In the Matter of John T. Meehan, Respondent, v Nassau Community College, Appellant.
[674 NYS2d 697]
[MAJORITY]
—In a proceeding pursuant to CPLR article 75, inter alia, to confirm an arbitration award dated March 28, 1995, Nassau Community College appeals, as limited by its brief, from so much of a judgment of the Supreme Court, Nassau County (Burke, J.), entered May 16, 1996, as confirmed the award.
Ordered that the judgment is affirmed insofar as appealed from, with costs.

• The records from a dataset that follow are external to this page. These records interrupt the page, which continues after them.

Lemma LEL_trans (f g h : form) :
  LEL (fImp f g) -> LEL (fImp g h) -> LEL (fImp f h).
Proof.
move=> Hfg Hgh; have /= /andP[Wf _] := LEL_wf Hfg; have /= /andP[Wg Wh] := LEL_wf Hgh.
by apply: LMP Hgh; apply: LMP Hfg; apply: LEL_taut; [taut | wf_auto].
Qed.

Lemma assign_nec t (f : form) : LEL f -> LEL (assign t f).
Proof. by elim: t => //= p t IH /IH; apply: LNecA. Qed.

Lemma assign_K t (f g : form) : wf f -> wf g ->
  LEL (fImp (assign t (fImp f g)) (fImp (assign t f) (assign t g))).
Proof.
move=> Wf Wg; elim: t => [|[y a] t IH] /=; first by apply: LEL_taut; [taut | wf_auto].
have Hdist (g1 g2 : form) : wf g1 -> wf g2 ->
    LEL (fImp (fAsg y a (fImp g1 g2)) (fImp (fAsg y a g1) (fAsg y a g2))).
  by move=> ? ?; apply: LAx; [exact: AxAdist | wf_auto].
have W (h : form) : wf h -> wf (assign t h) by rewrite wf_assign.
apply: LEL_trans (LMP (Hdist _ _ _ _) (LNecA y a IH)) (Hdist _ _ (W _ Wf) (W _ Wg)).
  by apply: W; rewrite /= Wf Wg.
by rewrite /= !wf_assign Wf Wg.
Qed.

Lemma assign_distr t (f g : form) :
  LEL (assign t (fImp f g)) -> LEL (fImp (assign t f) (assign t g)).
Proof.
move=> H; have := LEL_wf H; rewrite wf_assign /= => /andP[Wf Wg].
exact: LMP (assign_K t Wf Wg) H.
Qed.

Lemma assign_MP t (f g : form) :
  LEL (assign t (fImp f g)) -> LEL (assign t f) -> LEL (assign t g).
Proof. by move/assign_distr; apply: LMP. Qed.

Lemma assign_imp t (f g : form) : LEL (fImp f g) -> LEL (fImp (assign t f) (assign t g)).
Proof. by move/(assign_nec t); apply: assign_distr. Qed.

Lemma assign_taut1 t (f1 g : form) : tautology (fImp f1 g) -> wf g ->
  LEL (assign t f1) -> LEL (assign t g).
Proof.
move=> T Wg H1; have W1 := LEL_wf H1.
by apply: assign_MP H1; apply: assign_nec; apply: LEL_taut; last by wf_auto.
Qed.

Lemma assign_taut2 t (f1 f2 g : form) : tautology (fImp f1 (fImp f2 g)) -> wf g ->
  LEL (assign t f1) -> LEL (assign t f2) -> LEL (assign t g).
Proof.
move=> T Wg H1 H2; have W1 := LEL_wf H1; have W2 := LEL_wf H2.
apply: assign_MP H2; apply: assign_MP H1.
by apply: assign_nec; apply: LEL_taut; last by wf_auto.
Qed.

Lemma assign_taut3 t (f1 f2 f3 g : form) :
  tautology (fImp f1 (fImp f2 (fImp f3 g))) -> wf g ->
  LEL (assign t f1) -> LEL (assign t f2) -> LEL (assign t f3) -> LEL (assign t g).
Proof.
move=> T Wg H1 H2 H3; have W1 := LEL_wf H1; have W2 := LEL_wf H2; have W3 := LEL_wf H3.
apply: assign_MP H3; apply: assign_MP H2; apply: assign_MP H1.
by apply: assign_nec; apply: LEL_taut; last by wf_auto.
Qed.

Lemma assign_imp2 t (f1 f2 g : form) : LEL (fImp f1 (fImp f2 g)) ->
  LEL (fImp (assign t f1) (fImp (assign t f2) (assign t g))).
Proof.
move=> H; have /= /andP[W1 /andP[W2 Wg]] := LEL_wf H.
apply: (assign_taut2 (t := [::])) (assign_imp t H) (assign_K t W2 Wg); first by taut.
by wf_auto.
Qed.

Lemma K_nec X (f : form) : sentence f -> LEL f -> LEL (fK X f).
Proof.
move=> Sf H; have Wf := LEL_wf H.
by apply: LMP (LNecK Sf H); apply: LAx; [exact: (AxKmono _ (fsub0set X)) | wf_auto].
Qed.

Lemma K_imp X (f g : form) : sentence f -> sentence g -> LEL (fImp f g) ->
  LEL (fImp (fK X f) (fK X g)).
Proof.
move=> Sf Sg H; have /= /andP[Wf Wg] := LEL_wf H.
apply: LMP (K_nec X _ H); last by rewrite sentence_imp Sf Sg.
by apply: LAx; [exact: AxKdist | wf_auto].
Qed.

Lemma K_imp2 X (f1 f2 g : form) : sentence f1 -> sentence f2 -> sentence g ->
  LEL (fImp f1 (fImp f2 g)) -> LEL (fImp (fK X f1) (fImp (fK X f2) (fK X g))).
Proof.
move=> S1 S2 Sg H; have /= /andP[W1 /andP[W2 Wg]] := LEL_wf H.
have S2g : sentence (fImp f2 g) by rewrite sentence_imp S2 Sg.
have H2 : LEL (fImp (fK X (fImp f2 g)) (fImp (fK X f2) (fK X g))).
  by apply: LAx; [exact: AxKdist | wf_auto].
by apply: (assign_taut2 (t := [::])) (K_imp X S1 S2g H) H2; [taut | wf_auto].
Qed.

Lemma assign_comm t w a (f : form) : w \notin unzip1 t -> wf f ->
  LEL (fImp (assign t (fAsg w a f)) (fAsg w a (assign t f))).
Proof.
move=> + Wf; elim: t => [|[y b] t IH] /=; first by move=> _; apply: LEL_taut; [taut | wf_auto].
rewrite inE negb_or => /andP[Hwy /IH Hw].
apply: LEL_trans (assign_imp [:: (y, b)] Hw) _.
by apply: LAx; [apply: AxAcomm; rewrite eq_sym | wf_auto].
Qed.

Lemma assign_nec_in t w a (f : form) : uniq (unzip1 t) -> (w, a) \in t ->
  LEL (fAsg w a f) -> LEL (assign t f).
Proof.
elim: t => [|[y b] t IH] //= /andP[Hy Ut]; rewrite inE => /orP[/eqP [-> ->] | Hin] H.
  by have /= Wf := LEL_wf H; apply: LMP (assign_comm b Hy Wf) (assign_nec t H).
by apply: LNecA; apply: IH.
Qed.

An arbitration award may not be vacated unless it is irrational, violates a strong public policy, or clearly exceeds a limitation imposed on the arbitrator as set forth in CPLR 7511 (b) (see, Matter of Board of Educ. v Arlington Teachers Assn., 78 NY2d 33, 37). An arbitrator exceeds his or her power under CPLR 7511 (b) (1) (iii) if the award gives a “completely irrational construction to the provisions in dispute and, in effect, made a new contract for the parties” (Matter of National Cash Register Co. [Wilson], 8 NY2d 377, 383; see also, Rochester City School Dist. v Rochester Teachers Assn., 41 NY2d 578, 582). Contrary to the contention of the appellant Nassau Community College (hereinafter the college), the interpretation by the arbitration panel here of Article 14 of the parties’ collective bargaining agreement was not irrational. Accordingly, the award was not in excess of the power of the arbitration panel.
The award here is also not violative of public policy. Public policy may not be invoked in every instance where arbitration of a collective bargaining agreement threatens to encroach on the management prerogatives of a State-financed college (see, Matter of Wyandanch Union Free School Dist. v Wyandanch Teachers Assn., 48 NY2d 669, 670). Rather, public policy may be invoked only where an arbitration award interferes with a college’s obligation to maintain academic standards in the classroom (see, Matter of Board of Educ. v Arlington Teachers Assn., 78 NY2d 33, 37, supra; Honeoye Falls-Lima Cent. School Dist. v Honeoye Falls-Lima Educ. Assn., 49 NY2d 732, 734). That is not the case here. Here, the arbitration award merely gave effect to the provision in the parties’ collective bargaining agreement which obligated the college to designate the courses offered during the “mini-semester” for assignment to its qualified adjunct faculty. Although the award subjects the college to competing obligations since it conflicts with the college’s obligation to the full-time faculty under a separate collective bargaining agreement, the dilemma is of the college’s own making and will not serve as a basis for vacating the award (see generally, Grace & Co. v Rubber Workers, 461 US 757). Bracken, J. P., Pizzuto, Friedmann and McGinity, JJ., concur.